South Korean adoption agencies sent children abroad like “luggage” for decades, labelling some as orphans when they had parents and sending alternative babies when infants had died before heading overseas, a truth commission said on Wednesday.
After a two-year inquiry, South Korea’s Truth and Reconciliation Commission, which was empowered by the country’s parliament, recommended the government make an official apology, carry out follow-up investigations and put relief measures in place for victims.
It said it found human rights violations in the cases of at least 56 adoptees from a petition filed by 367 adoptees who were sent overseas between 1964 and 1999 to 11 countries, including the United States, France, Denmark and Sweden.
In the past few years, several European countries have investigated possible illicit activities in their international adoption practices. Some have published their findings or struck up independent bodies. Canada has yet to follow suit.
CBC News has spoken to more than 20 adoptees in Canada and around the world who question the accuracy of their adoption paperwork from South Korea.
In presenting its findings, the commission published a picture of babies wrapped in blankets and strapped into seats on an airliner in 1984, with the title “Children sent abroad like luggage”.
It noted South Korean adoption agencies complied with foreign agencies’ demands to send a set number of children each month.
Postwar adoptions
The devastation of the Korean War in the early 1950s led to overseas adoption programs for biracial Korean babies fathered by Western soldiers. This quickly grew to “exporting the full-Korean infants” who were in “abundant supply,” according to internal Canadian government correspondence obtained by CBC.
The commission said the South Korean government had neglected its responsibility to provide oversight and block “misconduct by adoption agencies” such as fraudulent orphan registrations, identity tampering, and inadequate vetting of adoptive parents.

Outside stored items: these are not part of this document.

(* Let $p$ be an odd prime and $a$ an integer with $1<a<p$. Then there exists a $PComS\!\left(p,\tfrac{p-1}{2},\,2a(a-p)+\tfrac{p(p-1)}{2}\right)$ all of whose members are classes of sequences in $\mathcal{G}_p(a)$.
   Context: $\mathbb{Z}_2^p$ is the set of sequences $X=(x_0,\dots,x_{p-1})$ with entries in $\{+1,-1\}$, indices mod $p$. $\mathcal{G}_p(a)$ is the set of $X\in\mathbb{Z}_2^p$ with exactly $a$ entries equal to $+1$. The periodic autocorrelation is $\mathsf{P}_X(k)=\sum_{i=0}^{p-1}x_ix_{i+k}$; it depends only on the cyclic-shift class $X_C$. A $PComS(n,q,c)$ is a list (repetitions allowed) of $q$ cyclic-shift classes $A_{1C},\dots,A_{qC}$ with $A_i\in\mathbb{Z}_2^n$ such that $\sum_{i=1}^q\mathsf{P}_{A_i}(k)=c$ for all $1\le k\le n-1$. *)

From HB Require Import structures.
From mathcomp Require Import all_boot all_order all_algebra.
Set Implicit Arguments. Unset Strict Implicit. Unset Printing Implicit Defensive.
Import Order.TTheory GRing.Theory Num.Theory.
Local Open Scope ring_scope.

(* An element X = (x_0,...,x_{p-1}) of Z_2^p: a sequence of p integers, each +1 or -1.
   Indices are taken mod p. *)
Definition pm1seq (p : nat) (X : seq int) : bool :=
  (size X == p) && all (fun x => (x == 1) || (x == -1)) X.

Definition inG (p a : nat) (X : seq int) : bool :=
  pm1seq p X && (count (pred1 (1 : int)) X == a)%N.

Definition pacf (p : nat) (X : seq int) (k : nat) : int :=
  \sum_(i < p) X`_i * X`_((i + k) %% p).

(* PComS(n,q,c): a list of q elements of Z_2^n (representatives of cyclic-shift
   classes; pacf is shift invariant) with sum_i P_{A_i}(k) = c for 1 <= k <= n-1. *)
Definition PComS (n q : nat) (c : int) (L : seq (seq int)) : bool :=
  [&& size L == q, all (pm1seq n) L &
      [forall k : 'I_n, (0 < k)%N ==> (\sum_(A <- L) pacf n A k == c)]].

From HB Require Import structures.
From mathcomp Require Import all_boot all_order all_algebra.
From mathcomp Require Import zify.
Set Implicit Arguments.
Unset Strict Implicit.
Unset Printing Implicit Defensive.

Import Order.TTheory GRing.Theory Num.Theory.
Local Open Scope ring_scope.

(** Let [w] be the p-periodic +-1 sequence with [w x = 1] exactly when [x mod p < a], and
    take its decimations [X_u i = w (i * u)] for [u = 1, ..., (p-1)/2]. Multiplication by
    [u] permutes the residues mod p, so [X_u] is a rearrangement of one period of [w]
    (hence lies in G_p(a)), and [P_{X_u}(k) = C(k u)], where [C] is the periodic
    autocorrelation of [w]. For [k <> 0 mod p], [k u] runs over all nonzero residues as [u]
    runs over [1, ..., p-1], and [C(k u) = C(k (p - u))]; so the half sum is
    [(sum_(m <> 0) C(m)) / 2 = ((sum w)^2 - C(0)) / 2 = ((2a - p)^2 - p) / 2]. *)

Section ModularReindexing.

Variable p : nat.

Lemma addn_mod_inj j : {in gtn p &, injective (fun i => (i + j) %% p)%N}.
Proof.
by move=> i i' /[!inE] ip ip' /eqP; rewrite eqn_modDr !modn_small // => /eqP.
Qed.

Lemma muln_mod_inj u : coprime u p -> {in gtn p &, injective (fun i => (i * u) %% p)%N}.
Proof.
move=> co_up i i' /[!inE] ip ip' /= /eqP eq_mod.
wlog le_ii' : i i' ip ip' eq_mod / (i <= i')%N.
  move=> le_inj; case: (leqP i i') => [|/ltnW] le; first exact: le_inj.
  by apply/esym/le_inj; rewrite // eq_sym.
move: eq_mod; rewrite eq_sym eqn_mod_dvd ?leq_mul2r ?le_ii' ?orbT //.
rewrite -mulnBl Gauss_dvdl 1?coprime_sym // /dvdn modn_small; lia.
Qed.

Hypothesis p_gt0 : (0 < p)%N.

Lemma perm_iota_mod (g : nat -> nat) :
  {in gtn p &, injective (fun i => g i %% p)%N} ->
  perm_eq [seq g i %% p | i <- iota 0 p]%N (iota 0 p).
Proof.
move=> g_inj; have g_uniq : uniq [seq g i %% p | i <- iota 0 p]%N.
  by rewrite map_inj_in_uniq ?iota_uniq // => i j; rewrite !mem_iota; apply: g_inj.
have sub_iota : {subset [seq g i %% p | i <- iota 0 p]%N <= iota 0 p}.
  by move=> _ /mapP[i _ ->]; rewrite mem_iota ltn_pmod.
have [|_ eq_iota] := uniq_min_size g_uniq sub_iota; first by rewrite size_map.
exact: uniq_perm g_uniq (iota_uniq 0 p) eq_iota.
Qed.

Lemma sum_ord_mod_reindex (V : nmodType) (F : nat -> V) (g : nat -> nat) :
  {in gtn p &, injective (fun i => g i %% p)%N} ->
  \sum_(i < p) F (g i %% p)%N = \sum_(i < p) F i.
Proof.
move=> g_inj; rewrite -(big_mkord xpredT F) -(big_mkord xpredT (fun i => F (g i %% p)%N)).
by rewrite /index_iota subn0 -[RHS](perm_big _ (perm_iota_mod g_inj)) big_map.
Qed.

Lemma sum_ord_addn_mod (V : nmodType) (F : nat -> V) j :
  \sum_(i < p) F ((i + j) %% p)%N = \sum_(i < p) F i.
Proof. exact: sum_ord_mod_reindex (@addn_mod_inj j). Qed.

Lemma sum_ord_muln_mod (V : nmodType) (F : nat -> V) u : coprime u p ->
  \sum_(i < p) F ((i * u) %% p)%N = \sum_(i < p) F i.
Proof. by move=> co_up; apply: sum_ord_mod_reindex (muln_mod_inj co_up). Qed.

End ModularReindexing.

Definition acf (R : pzSemiRingType) (p : nat) (f : nat -> R) (m : nat) : R :=
  \sum_(j < p) f j * f (j + m)%N.

Lemma acf0 (R : pzSemiRingType) (p : nat) (f : nat -> R) :
  (forall x, f x * f x = 1) -> acf p f 0 = p%:R.
Proof.
move=> f_sqr; rewrite /acf (eq_bigr (fun=> 1)) ?sumr_const ?card_ord // => j.
by rewrite addn0.
Qed.

Section PeriodicAutocorrelation.

Variables (R : comPzSemiRingType) (p : nat) (f : nat -> R).
Hypothesis p_gt0 : (0 < p)%N.
Hypothesis f_mod : forall x, f (x %% p)%N = f x.

Lemma acf_mod m : acf p f (m %% p) = acf p f m.
Proof. by apply: eq_bigr => j _; congr (_ * _); rewrite -f_mod modnDmr f_mod. Qed.

Lemma acf_sym m n : ((m + n) %% p = 0)%N -> acf p f m = acf p f n.
Proof.
move=> mn_mod0; rewrite /acf -(sum_ord_addn_mod p_gt0 (fun j => f j * f (j + m)%N) n).
apply: eq_bigr => j _; rewrite f_mod mulrC; congr (_ * _).
by rewrite -f_mod modnDml -addnA (addnC n) -modnDmr mn_mod0 addn0 f_mod.
Qed.

Lemma sum_acf : \sum_(m < p) acf p f m = (\sum_(j < p) f j) ^+ 2.
Proof.
rewrite /acf exchange_big expr2 mulr_suml; apply: eq_bigr => j _.
rewrite -mulr_sumr -(sum_ord_addn_mod p_gt0 f j).
by congr (_ * _); apply: eq_bigr => m _; rewrite f_mod addnC.
Qed.

Lemma acf_decimation u k :
  coprime u p -> acf p (fun i => f (i * u)%N) k = acf p f (k * u).
Proof.
move=> co_up; rewrite /acf.
rewrite -(sum_ord_muln_mod p_gt0 (fun j => f j * f (j + k * u)%N) co_up).
apply: eq_bigr => i _; rewrite f_mod mulnDl; congr (_ * _).
by rewrite -[RHS]f_mod modnDml f_mod.
Qed.

Lemma sum_acf_multiples k :
  coprime k p -> \sum_(u < p) acf p f (k * u) = (\sum_(j < p) f j) ^+ 2.
Proof.
move=> co_kp; rewrite -sum_acf -(sum_ord_muln_mod p_gt0 (acf p f) co_kp).
by apply: eq_bigr => u _; rewrite acf_mod mulnC.
Qed.

End PeriodicAutocorrelation.

Lemma sum_sym_halves (V : nmodType) (n : nat) (G : nat -> V) : odd n ->
  (forall u, (0 < u < n)%N -> G (n - u)%N = G u) ->
  \sum_(1 <= u < n) G u = (\sum_(1 <= u < n.-1./2.+1) G u) *+ 2.
Proof.
move=> n_odd G_sym; have [h n_eq] : exists h, n = h.*2.+1.
  by exists n./2; rewrite -[n in LHS]odd_double_half n_odd.
subst n; rewrite /= doubleK [LHS](@big_cat_nat _ _ _ h.+1) //=; last first.
  by rewrite ltnS -addnn leq_addr.
rewrite mulr2n; congr (_ + _).
rewrite -{1}(add1n h) big_addn (_ : h.*2.+1 - h = h.+1)%N; last by lia.
rewrite big_nat_rev; apply: eq_big_nat => i /andP[i_gt0 i_le_h].
by rewrite -G_sym; [congr G | ]; lia.
Qed.

Lemma acf_multiples_half_sum (R : comPzSemiRingType) (p : nat) (f : nat -> R) k :
  (0 < p)%N -> (forall x, f (x %% p)%N = f x) -> odd p -> coprime k p ->
  (\sum_(1 <= u < p.-1./2.+1) acf p f (k * u)) *+ 2 + acf p f 0
    = (\sum_(j < p) f j) ^+ 2.
Proof.
move=> p_gt0 f_mod p_odd co_kp.
have acf_opp u : (0 < u < p)%N -> acf p f (k * (p - u)) = acf p f (k * u).
  move=> /andP[_ u_lt_p]; apply: acf_sym => //.
  by rewrite -mulnDr subnK ?modnMl // ltnW.
rewrite -(sum_sym_halves p_odd acf_opp) -(sum_acf_multiples p_gt0 f_mod co_kp).
by rewrite -(big_mkord xpredT (fun u => acf p f (k * u))) big_ltn // muln0 addrC.
Qed.

Definition decimation (T : Type) (p : nat) (f : nat -> T) (u : nat) : seq T :=
  mkseq (fun i => f (i * u)%N) p.

Lemma pacf_mkseq p (f : nat -> int) k : (0 < p)%N ->
  (forall x, f (x %% p)%N = f x) -> pacf p (mkseq f p) k = acf p f k.
Proof.
by move=> p_gt0 f_mod; apply: eq_bigr => i _; rewrite !nth_mkseq ?ltn_pmod // f_mod.
Qed.

Lemma pm1seq_mkseq p (f : nat -> int) :
  (forall x, (f x == 1) || (f x == -1)) -> pm1seq p (mkseq f p).
Proof.
by move=> f_pm1; rewrite /pm1seq size_mkseq eqxx; apply/allP => _ /mapP[i _ ->].
Qed.

Section Decimation.

Variables (p : nat) (f : nat -> int).
Hypothesis p_gt0 : (0 < p)%N.
Hypothesis f_mod : forall x, f (x %% p)%N = f x.

Lemma pacf_decimation u k : coprime u p -> pacf p (decimation p f u) k = acf p f (k * u).
Proof.
move=> co_up; rewrite -(acf_decimation p_gt0 f_mod _ co_up) pacf_mkseq // => x.
by rewrite -f_mod modnMml f_mod.
Qed.

Lemma perm_decimation u : coprime u p -> perm_eq (decimation p f u) (mkseq f p).
Proof.
move=> co_up; rewrite /decimation /mkseq -(eq_map (fun i => f_mod (i * u))) map_comp.
exact: perm_map (perm_iota_mod p_gt0 (muln_mod_inj co_up)).
Qed.

End Decimation.

Definition window (p a x : nat) : int := if (x %% p < a)%N then 1 else -1.

Section Window.

Variables p a : nat.
Hypothesis a_le_p : (a <= p)%N.

Lemma window_mod x : window p a (x %% p) = window p a x.
Proof. by rewrite /window modn_mod. Qed.

Lemma window_pm1 x : (window p a x == 1) || (window p a x == -1).
Proof. by rewrite /window; case: ifP. Qed.

Lemma window_sqr x : window p a x * window p a x = 1.
Proof. by rewrite /window; case: ifP. Qed.

Lemma mkseq_window : mkseq (window p a) p = nseq a 1 ++ nseq (p - a) (-1).
Proof.
apply: (@eq_from_nth _ 0); first by rewrite size_cat !size_nseq size_mkseq subnKC.
move=> i; rewrite size_mkseq => lt_ip.
rewrite nth_mkseq // nth_cat !nth_nseq size_nseq /window modn_small //.
by case: (ltnP i a) => // a_le_i; rewrite ltn_sub2rE ?lt_ip.
Qed.

Lemma count_window : count (pred1 1) (mkseq (window p a) p) = a.
Proof. by rewrite mkseq_window count_cat !count_nseq /= mul1n mul0n addn0. Qed.

Lemma sum_window : \sum_(j < p) window p a j = a%:Z - (p - a)%:Z.
Proof.
have -> : \sum_(j < p) window p a j = \sum_(x <- mkseq (window p a) p) x.
  by rewrite big_map -(big_mkord xpredT) /index_iota subn0.
by rewrite mkseq_window big_cat !big_nseq !iter_addr_0 mulNrn /= !natz.
Qed.

End Window.

Lemma coprime_ltn_prime p u : prime p -> (0 < u < p)%N -> coprime u p.
Proof.
by move=> p_prime /andP[u_gt0 u_lt_p]; rewrite coprime_sym prime_coprime // gtnNdvd.
Qed.

Lemma half_sum_window_value (p a : nat) (s : int) : odd p -> (a <= p)%N ->
  s *+ 2 + p%:Z = (a%:Z - (p - a)%:Z) ^+ 2 ->
  s = 2 * a%:Z * (a%:Z - p%:Z) + (p * p.-1)./2%:Z.
Proof.
move=> p_odd a_le_p; have [q p_eq] : exists q, p = q.*2.+1.
  by exists p./2; rewrite -[p in LHS]odd_double_half p_odd.
have -> : ((p * p.-1)./2 = p * q)%N by rewrite {2}p_eq /= -doubleMr doubleK.
rewrite -(subzn a_le_p) mulr2n p_eq; lia.
Qed.

Theorem theorem10 (p a : nat) :
  prime p -> odd p -> (1 < a < p)%N ->
  exists L : seq (seq int),
    PComS p (p.-1./2) (2 * a%:Z * (a%:Z - p%:Z) + (p * p.-1)./2%:Z) L
    && all (inG p a) L.
Proof.
move=> p_prime p_odd /andP[_ a_lt_p]; have p_gt0 := prime_gt0 p_prime.
have a_le_p := ltnW a_lt_p; have f_mod := window_mod p a.
exists [seq decimation p (window p a) u | u <- iota 1 p.-1./2].
have half_lt_p : (p.-1./2 < p)%N by rewrite ltn_half_double; lia.
have coprime_iota u : u \in iota 1 p.-1./2 -> coprime u p.
  by rewrite mem_iota => u_range; apply: coprime_ltn_prime => //; lia.
have pm1_dec u : pm1seq p (decimation p (window p a) u).
  by apply: pm1seq_mkseq => x; apply: window_pm1.
rewrite /PComS size_map size_iota eqxx !all_map /=.
apply/andP; split; [apply/andP; split|].
- by apply/allP => u _; apply: pm1_dec.
- apply/forallP => k; apply/implyP => k_gt0; apply/eqP/half_sum_window_value => //.
  have co_kp : coprime k p by rewrite coprime_ltn_prime ?k_gt0 /=.
  rewrite -[Posz p]natz -(acf0 _ (window_sqr p a)) -(sum_window a_le_p).
  rewrite -(acf_multiples_half_sum p_gt0 f_mod p_odd co_kp).
  rewrite big_map /index_iota subn1; congr (_ *+ 2 + _).
  by apply: eq_big_seq => u /coprime_iota co_up; rewrite (pacf_decimation p_gt0 f_mod).
- apply/allP => u /coprime_iota co_up; rewrite /= /inG pm1_dec /=.
  by rewrite (permP (perm_decimation p_gt0 f_mod co_up)) count_window.
Qed.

Adoption agencies did not receive proper consent for adoption, falsified documents to present babies as orphans when they had known parents, and when some babies died before they were sent overseas, other babies were sent in their names, the commission said.
“For nearly 50 years following the Korean War, the government prioritized intercountry adoption as a cost-effective alternative to strengthening domestic child welfare policies,” the commission said.
Investigating since 2020
The independent commission was set up by a revised act of parliament in 2020, with the ruling and opposition parties each naming four people to make up the eight members sitting under a chairperson named by the president.
The office of South Korea’s acting president could not be immediately reached for comment on its report.
After decades of believing they were orphans, several Korean Canadians have learned that their birth parents may still be alive. CBC’s Priscilla Ki Sun Hwang helps uncover how they got here and why some say Canada ignored evidence of botched adoption paperwork.
Besides recommending an official apology, the commission also called for a comprehensive survey on adoptees’ citizenship status and any corresponding policy measures, remedies for victims whose identities were falsified, prompt ratification of the Hague Adoption Convention, and to ensure a commitment from adoption agencies to restore adoptees’ rights.
“These violations should never have occurred,” said Park Sun-young, chairperson of the commission. “We must come together-adoptive countries and adoptees alike-to address the identity crises many adoptees face.”